A América em boas mãos

Público 2012-11-05  João Carlos Espada

Ninguém sabe ao certo quem sairá vencedor das eleições presenciais de amanhã na América. Esta incerteza é desde logo uma boa demonstração da real abertura da sociedade americana. Na era da tecnologia, na capital da tecnologia e da publicidade de massas, o indivíduo e a sua escolha livre permanecem soberanos. Não é exactamente o "povo" - uma imaginária entidade colectiva - quem mais ordena. São as pessoas quem mais ordena. E porque cada pessoa vota segundo a sua consciência, as grandes organizações, por maiores que sejam e por mais tecnicamente sofisticadas que possam ser, enfrentam a grande incógnita: a incógnita da escolha livre da consciência pessoal.

Esta é a primeira grande lição de liberdade das eleições americanas. Todos sabemos quem será o próximo líder da China, ou quem viria a ser o "novo" senhor da Rússia, para não falar do ditador de Teerão. Mas ninguém sabe quem virá a ocupar aquele que é designado como o cargo mais poderoso do planeta, o de Presidente dos Estados Unidos da América. E ninguém sabe precisamente porque a sociedade americana não é uma organização, é uma ordem livre e descentralizada. Nenhum grande banco de Wall Street, um dos too big to fail, é big enough to decide. Nenhum sindicato, nenhuma burocracia governamental, nenhuma troika, nenhuma representante do FMI, do Banco Central Europeu, da Comissão Europeia, nem mesmo do Banco Mundial, pode garantir quem será o Presidente americano.

Repito, isto deve-se a que a sociedade americana não é uma organização centralmente comandada. Não é uma empresa, não é um banco, não é um sindicato, não é um instituto estatal, nem sequer uma universidade estatal. É uma ordem livre e descentralizada, com uma vibrante sociedade civil que não depende do Governo e não é alimentada pelo dinheiro dos contribuintes - por isso, não segue "quem manda". Na América, ninguém manda. Apenas a lei. E todos estão abaixo da lei, sob a lei, a começar pelo Presidente que vai ser eleito.

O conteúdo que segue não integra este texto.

(* In the setting of the context (QFSR scheme with $\kappa=1/3$, $\kappa_3=-2/3$, $\theta_2=2/3$), suppose the flux $f$ is a quadratic polynomial in $u$. Let $\mathcal{E}_j=(\Phi_{j+1/2}-\Phi_{j-1/2})/h$ evaluated on exact nodal values. Then as $h\to0$, with derivatives at $x_j$, $$\mathcal{E}_j=\frac{\partial f}{\partial x}+\left[\frac1{120}\frac{\partial f}{\partial u}\frac{\partial^5 u}{\partial x^5}-\frac{5}{216}\frac{\partial^2 f}{\partial u^2}\frac{\partial^2 u}{\partial x^2}\frac{\partial^3 u}{\partial x^3}\right]h^4+O(h^5),$$ where $f$ denotes $f(u(x))$ and $\partial f/\partial u$ is evaluated at $u(x_j)$.
   Context: Let $h>0$, uniform grid $x_i=ih$, $i\in\mathbb{Z}$. Let $u$ be a smooth real function of $x$, $u_i=u(x_i)$; let $f$ (flux) and $D$ (dissipation coefficient) be smooth real functions of one variable. Define successive central differences $(u_x)_i=(u_{i+1}-u_{i-1})/(2h)$, $(u_{xx})_i=((u_x)_{i+1}-(u_x)_{i-1})/(2h)$. For the face $i+1/2$ with $j=i$, $k=i+1$, let $T_j=\frac h4((u_x)_k-(u_x)_j)-\frac{h^2}{4}(u_{xx})_j$, $T_k=\frac h4((u_x)_k-(u_x)_j)-\frac{h^2}{4}(u_{xx})_k$, and reconstructed states (parameters $\kappa,\kappa_3$) $u_L=\kappa\frac{u_j+u_k}{2}+(1-\kappa)[u_j+\frac h2(u_x)_j]+\kappa_3T_j$, $u_R=\kappa\frac{u_j+u_k}{2}+(1-\kappa)[u_k-\frac h2(u_x)_k]+\kappa_3T_k$. With $\Delta_L=u_L-u_j$, $\Delta_R=u_R-u_k$ and parameter $\theta_2$, the reconstructed fluxes are $f_L=f(u_j)+f'(u_j)\Delta_L+\frac{\theta_2}{2}f''(u_j)\Delta_L^2$ and $f_R=f(u_k)+f'(u_k)\Delta_R+\frac{\theta_2}{2}f''(u_k)\Delta_R^2$. Numerical flux: $\Phi_{i+1/2}=\frac12(f_L+f_R)-\frac12D_{i+1/2}(u_R-u_L)$, with $D_{i+1/2}=\bar D(u_i,u_{i+1})$ for a smooth symmetric $\bar D$ with $\bar D(v,v)=D(v)$. *)

From Stdlib Require Import Reals ZArith.
From Coquelicot Require Import Coquelicot.
Open Scope R_scope.

Definition smooth1 (g : R -> R) : Prop := forall (n : nat) (x : R), ex_derive_n g n x.

Fixpoint Ck2 (n : nat) (g : R -> R -> R) : Prop :=
  match n with
  | O => forall x y : R, continuous (fun p : R * R => g (fst p) (snd p)) (x, y)
  | S m =>
      (forall x y, ex_derive (fun t => g t y) x) /\
      (forall x y, ex_derive (fun t => g x t) y) /\
      Ck2 m (fun x y => Derive (fun t => g t y) x) /\
      Ck2 m (fun x y => Derive (fun t => g x t) y)
  end.

Definition smooth2 (g : R -> R -> R) : Prop := forall n, Ck2 n g.

Definition cdx (h : R) (U : Z -> R) (i : Z) : R :=
  (U (i + 1)%Z - U (i - 1)%Z) / (2 * h).

Section Scheme.
Variables (kappa kappa3 theta2 : R) (f : R -> R) (Dbar : R -> R -> R) (h : R) (U : Z -> R).

Definition ux (i : Z) : R := cdx h U i.
Definition uxx (i : Z) : R := cdx h ux i.

(* Face i+1/2, with j = i, k = i+1. *)
Definition Tj (i : Z) : R := h / 4 * (ux (i + 1)%Z - ux i) - h ^ 2 / 4 * uxx i.
Definition Tk (i : Z) : R := h / 4 * (ux (i + 1)%Z - ux i) - h ^ 2 / 4 * uxx (i + 1)%Z.

Definition uL (i : Z) : R :=
  kappa * ((U i + U (i + 1)%Z) / 2) + (1 - kappa) * (U i + h / 2 * ux i) + kappa3 * Tj i.
Definition uR (i : Z) : R :=
  kappa * ((U i + U (i + 1)%Z) / 2) + (1 - kappa) * (U (i + 1)%Z - h / 2 * ux (i + 1)%Z)
  + kappa3 * Tk i.

Definition fL (i : Z) : R :=
  let dL := uL i - U i in
  f (U i) + Derive f (U i) * dL + theta2 / 2 * Derive_n f 2 (U i) * dL ^ 2.
Definition fR (i : Z) : R :=
  let dR := uR i - U (i + 1)%Z in
  f (U (i + 1)%Z) + Derive f (U (i + 1)%Z) * dR
  + theta2 / 2 * Derive_n f 2 (U (i + 1)%Z) * dR ^ 2.

(* Numerical flux Phi_{i+1/2}. *)
Definition Phi (i : Z) : R :=
  (fL i + fR i) / 2 - Dbar (U i) (U (i + 1)%Z) / 2 * (uR i - uL i).

Definition Eflux (j : Z) : R := (Phi j - Phi (j - 1)%Z) / h.
End Scheme.

(* For a quadratic flux f(v) = a + b v + c v^2 the reconstructed fluxes are exactly
   fL = f(uL) - (1 - theta2) c (uL - u_j)^2 and fR = f(uR) - (1 - theta2) c (uR - u_k)^2,
   and for kappa = 1/3, kappa3 = -2/3 the states uL, uR are fixed five-point combinations of
   nodal values.  Expanding each node u(x + t h) by Taylor's formula to order h^5 with an
   O(h^6) remainder, the convective part of E_j is a polynomial in these expansions, and its
   truncated expansion ("jet") is computed exactly.  The dissipative part is O(h^5): the jump
   uR - uL is O(h^5), its change between the faces j -+ 1/2 is O(h^6), and by the symmetry of
   Dbar the change of D_{j+-1/2} is Dbar(u_j, u_{j+1}) - Dbar(u_j, u_{j-1}) = O(h). *)

From Stdlib Require Import Reals ZArith List Lra Lia.
From Coquelicot Require Import Coquelicot.
Import ListNotations.
Open Scope R_scope.

(** * Polynomials as coefficient lists *)

Fixpoint peval (p : list R) (h : R) : R :=
  match p with
  | [] => 0
  | a :: q => a + h * peval q h
  end.

Fixpoint padd (p q : list R) : list R :=
  match p, q with
  | [], _ => q
  | _, [] => p
  | a :: p', b :: q' => (a + b) :: padd p' q'
  end.

Definition pscale (c : R) (p : list R) : list R := map (Rmult c) p.

Fixpoint pmul (p q : list R) : list R :=
  match p with
  | [] => []
  | a :: p' => padd (pscale a q) (0 :: pmul p' q)
  end.

Lemma peval_padd p q h : peval (padd p q) h = peval p h + peval q h.
Proof.
  revert q; induction p as [|a p IH]; intros [|b q]; simpl; try rewrite IH; ring.
Qed.

Lemma peval_pscale c p h : peval (pscale c p) h = c * peval p h.
Proof. induction p as [|a p IH]; simpl; [|rewrite IH]; ring. Qed.

Lemma peval_pmul p q h : peval (pmul p q) h = peval p h * peval q h.
Proof.
  induction p as [|a p IH]; simpl; [ring|].
  rewrite peval_padd, peval_pscale; simpl; rewrite IH; ring.
Qed.

Lemma peval_app p q h : peval (p ++ q) h = peval p h + h ^ length p * peval q h.
Proof. induction p as [|a p IH]; simpl; [|rewrite IH]; ring. Qed.

Lemma peval_firstn_skipn k p h :
  peval p h = peval (firstn k p) h + h ^ k * peval (skipn k p) h.
Proof.
  revert p; induction k as [|k IH]; intros [|a p]; simpl; try ring.
  rewrite (IH p); ring.
Qed.

Lemma peval_repeat0 n h : peval (repeat 0 n) h = 0.
Proof. induction n as [|n IH]; simpl; [|rewrite IH]; ring. Qed.

Lemma peval_map_seq (F : nat -> R) n h :
  peval (map F (seq 0 (S n))) h = sum_f_R0 (fun m => F m * h ^ m) n.
Proof.
  induction n as [|n IH]; [simpl; ring|].
  rewrite seq_S, map_app, peval_app, IH, length_map, length_seq; simpl; ring.
Qed.

Definition bigO (k : nat) (g : R -> R) : Prop :=
  exists C, forall h, 0 < h < 1 -> Rabs (g h) <= C * h ^ k.

Lemma bigO_ext k f g : (forall h, 0 < h < 1 -> f h = g h) -> bigO k g -> bigO k f.
Proof. intros E [C HC]; exists C; intros h Hh; rewrite E by exact Hh; auto. Qed.

Lemma bigO_const c : bigO 0 (fun _ => c).
Proof. exists (Rabs c); intros h _; lra. Qed.

Lemma bigO_pow k : bigO k (fun h => h ^ k).
Proof. exists 1; intros h Hh; rewrite Rabs_pos_eq; [lra | apply pow_le; lra]. Qed.

Lemma bigO_dominated k K f g :
  (forall h, 0 < h < 1 -> Rabs (f h) <= K * Rabs (g h)) -> bigO k g -> bigO k f.
Proof.
  intros Hfg [C HC]; exists (Rabs K * C); intros h Hh.
  specialize (Hfg h Hh); specialize (HC h Hh).
  pose proof (Rle_abs K); pose proof (Rabs_pos K); pose proof (Rabs_pos (g h)).
  rewrite Rmult_assoc; nra.
Qed.

Lemma bigO_add k f g : bigO k f -> bigO k g -> bigO k (fun h => f h + g h).
Proof.
  intros [C HC] [D HD]; exists (C + D); intros h Hh.
  eapply Rle_trans; [apply Rabs_triang|].
  specialize (HC h Hh); specialize (HD h Hh); lra.
Qed.

Lemma bigO_opp k g : bigO k g -> bigO k (fun h => - g h).
Proof. apply (bigO_dominated _ 1); intros h _; rewrite Rabs_Ropp; lra. Qed.

Lemma bigO_sub k f g : bigO k f -> bigO k g -> bigO k (fun h => f h - g h).
Proof. intros Hf Hg; apply (bigO_add _ f (fun h => - g h) Hf), bigO_opp, Hg. Qed.

Lemma bigO_mult j k f g : bigO j f -> bigO k g -> bigO (j + k) (fun h => f h * g h).
Proof.
  intros [C HC] [D HD]; exists (C * D); intros h Hh.
  rewrite Rabs_mult, pow_add.
  replace (C * D * (h ^ j * h ^ k)) with ((C * h ^ j) * (D * h ^ k)) by ring.
  apply Rmult_le_compat; auto using Rabs_pos.
Qed.

Lemma bigO_weaken j k g : (j <= k)%nat -> bigO k g -> bigO j g.
Proof.
  intros Hjk [C HC]; exists (Rabs C); intros h Hh.
  assert (Hpow : h ^ k <= h ^ j).
  { replace k with (j + (k - j))%nat by lia; rewrite pow_add.
    pose proof (pow_lt h j ltac:(lra)).
    assert (h ^ (k - j) <= 1) by (rewrite <- (pow1 (k - j)); apply pow_incr; lra).
    nra. }
  pose proof (pow_lt h k ltac:(lra)); pose proof (Rle_abs C); pose proof (Rabs_pos C).
  specialize (HC h Hh); nra.
Qed.

Lemma bigO_div_h k g : bigO (S k) g -> bigO k (fun h => g h / h).
Proof.
  intros [C HC]; exists C; intros h Hh; specialize (HC h Hh).
  unfold Rdiv; rewrite Rabs_mult, Rabs_inv, (Rabs_pos_eq h) by lra.
  apply (Rmult_le_reg_r h); [lra|].
  rewrite Rmult_assoc, Rinv_l by lra; simpl in HC; lra.
Qed.

Lemma bigO_peval p : bigO 0 (peval p).
Proof.
  induction p as [|a p IH]; simpl.
  - exists 0; intros h _; rewrite Rabs_R0; lra.
  - apply bigO_add; [apply bigO_const|].
    apply (bigO_mult 0 0); [|exact IH].
    exists 1; intros h Hh; rewrite Rabs_pos_eq; simpl; lra.
Qed.

Lemma bigO_peval_firstn k p : bigO k (fun h => peval p h - peval (firstn k p) h).
Proof.
  apply (bigO_ext _ _ (fun h => h ^ k * peval (skipn k p) h));
    [intros h _; rewrite (peval_firstn_skipn k p h); ring|].
  rewrite <- (Nat.add_0_r k) at 1; apply bigO_mult; [apply bigO_pow | apply bigO_peval].
Qed.

(** * Jets: truncated expansions in powers of h *)

Definition has_jet (k : nat) (g : R -> R) (p : list R) : Prop :=
  bigO k (fun h => g h - peval p h).

Lemma jet_ext k f g p :
  (forall h, 0 < h < 1 -> f h = g h) -> has_jet k g p -> has_jet k f p.
Proof. intros E; apply bigO_ext; intros h Hh; rewrite E by exact Hh; reflexivity. Qed.

Lemma jet_of_bigO k g : bigO k g -> has_jet k g [].
Proof. apply bigO_ext; intros h _; simpl; ring. Qed.

Lemma bigO_of_jet_repeat0 k n g : has_jet k g (repeat 0 n) -> bigO k g.
Proof. apply bigO_ext; intros h _; rewrite peval_repeat0; ring. Qed.

Lemma jet_bounded k g p : has_jet k g p -> bigO 0 g.
Proof.
  intros Hg; apply (bigO_ext _ _ (fun h => (g h - peval p h) + peval p h)); [intros; ring|].
  apply bigO_add; [apply (bigO_weaken _ k); [lia | exact Hg] | apply bigO_peval].
Qed.

Lemma jet_weaken j k g p : (j <= k)%nat -> has_jet k g p -> has_jet j g p.
Proof. apply bigO_weaken. Qed.

Lemma jet_firstn_iff k g p : has_jet k g (firstn k p) <-> has_jet k g p.
Proof.
  pose proof (bigO_peval_firstn k p) as Hp; split; intros Hg.
  - apply (bigO_ext _ _ (fun h => (g h - peval (firstn k p) h)
                                 - (peval p h - peval (firstn k p) h)));
      [intros; ring | apply bigO_sub; assumption].
  - apply (bigO_ext _ _ (fun h => (g h - peval p h) + (peval p h - peval (firstn k p) h)));
      [intros; ring | apply bigO_add; assumption].
Qed.

Lemma jet_firstn_eq k g p q :
  has_jet k g p -> firstn k p = firstn k q -> has_jet k g q.
Proof. intros Hg Hpq; apply jet_firstn_iff; rewrite <- Hpq; apply jet_firstn_iff, Hg. Qed.

Lemma jet_const k c : has_jet k (fun _ => c) [c].
Proof.
  exists 0; intros h Hh; simpl.
  replace (c - (c + h * 0)) with 0 by ring; rewrite Rabs_R0; lra.
Qed.

Lemma jet_add k f g p q :
  has_jet k f p -> has_jet k g q -> has_jet k (fun h => f h + g h) (padd p q).
Proof.
  intros Hf Hg; apply (bigO_ext _ _ (fun h => (f h - peval p h) + (g h - peval q h)));
    [intros; rewrite peval_padd; ring | apply bigO_add; assumption].
Qed.

Lemma jet_sub k f g p q :
  has_jet k f p -> has_jet k g q ->
  has_jet k (fun h => f h - g h) (padd p (pscale (-1) q)).
Proof.
  intros Hf Hg; apply (bigO_ext _ _ (fun h => (f h - peval p h) - (g h - peval q h)));
    [intros; rewrite peval_padd, peval_pscale; ring | apply bigO_sub; assumption].
Qed.

Lemma jet_mul k f g p q :
  has_jet k f p -> has_jet k g q -> has_jet k (fun h => f h * g h) (firstn k (pmul p q)).
Proof.
  intros Hf Hg; apply jet_firstn_iff.
  apply (bigO_ext _ _ (fun h => (f h - peval p h) * g h + peval p h * (g h - peval q h)));
    [intros; rewrite peval_pmul; ring|].
  apply bigO_add.
  - rewrite <- (Nat.add_0_r k); apply bigO_mult; [exact Hf | exact (jet_bounded _ _ _ Hg)].
  - apply (bigO_mult 0 k); [apply bigO_peval | exact Hg].
Qed.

É esta vibrante liberdade civil que permite a intensa e incontrolável variedade de opiniões da sociedade civil americana. É verdade que existe na América uma enorme e enfadonha opinião politicamente correcta. Mas não existe qualquer ditadura politicamente correcta. Porque, em contrapartida, na América existe também a mais rebelde e desarrumada, por vezes simplesmente bizarra, opinião politicamente incorrecta. Esta tensão entre rivais não é empobrecedora, não dá origem a uma dicotomia simplista entre extremos. É uma tensão enriquecedora, que eleva o debate político a níveis raramente encontrados na Europa.

O melhor exemplo do alto nível atingido pela campanha presidencial americana terá sido o terceiro e último debate da campanha, centrado em temas internacionais. Já foi observado que o tema da Europa não foi uma única vez citado no debate. Já muito foi especulado sobre quem terá sido o vencedor do debate. Mas raramente tem sido dito que o debate revelou um forte consenso sobre o papel da América na liderança do mundo livre, um consenso não politicamente correcto que seria difícil observar num debate político europeu.

Antes de mais a questão de Israel e do Irão, um assunto demasiado sério para as sensibilidades politicamente correctas. O Presidente Obama foi muito claro ao repetir várias vezes que Teerão não terá a bomba atómica enquanto ele for Presidente. Ele e o governador Romney foram muito claros na garantia de que os EUA apoiarão Israel se este sofrer um ataque militar. Ambos declararam que, face à ameaça do Irão, a opção militar será sempre a opção de último recurso. Mas ambos foram igualmente claros em manter todas as opções em cima da mesa. Não me recordo de ter ouvido declarações sequer vagamente comparáveis de líderes europeus, incluindo o senhor David Cameron.

Outro aspecto refrescante do debate foi a centralidade de "fazer uma América forte". O tema foi sobretudo citado por Mitt Romney, que teve a refrescante vantagem de defender uma drástica redução dos impostos e um aumento do orçamento de defesa - dois temas impensáveis na Europa. Mas o Presidente Obama fez muito bem em aceitar a centralidade da América forte e em recordar o excelente desempenho da sua política externa - para o qual muito contribuiu a secretária de Estado Hilary Clinton.

Como tive oportunidade de escrever há quatro anos, o Presidente Obama não era o candidato radical que os radicais gostariam que ele fosse. O seu primeiro mandato comprovou isso mesmo. Também agora o candidato Romney não é o extremista de direita que os radicais gostariam que ele fosse. Mas nenhum deles é também um candidato politicamente correcto. Qualquer que seja o resultado, a América está em boas mãos.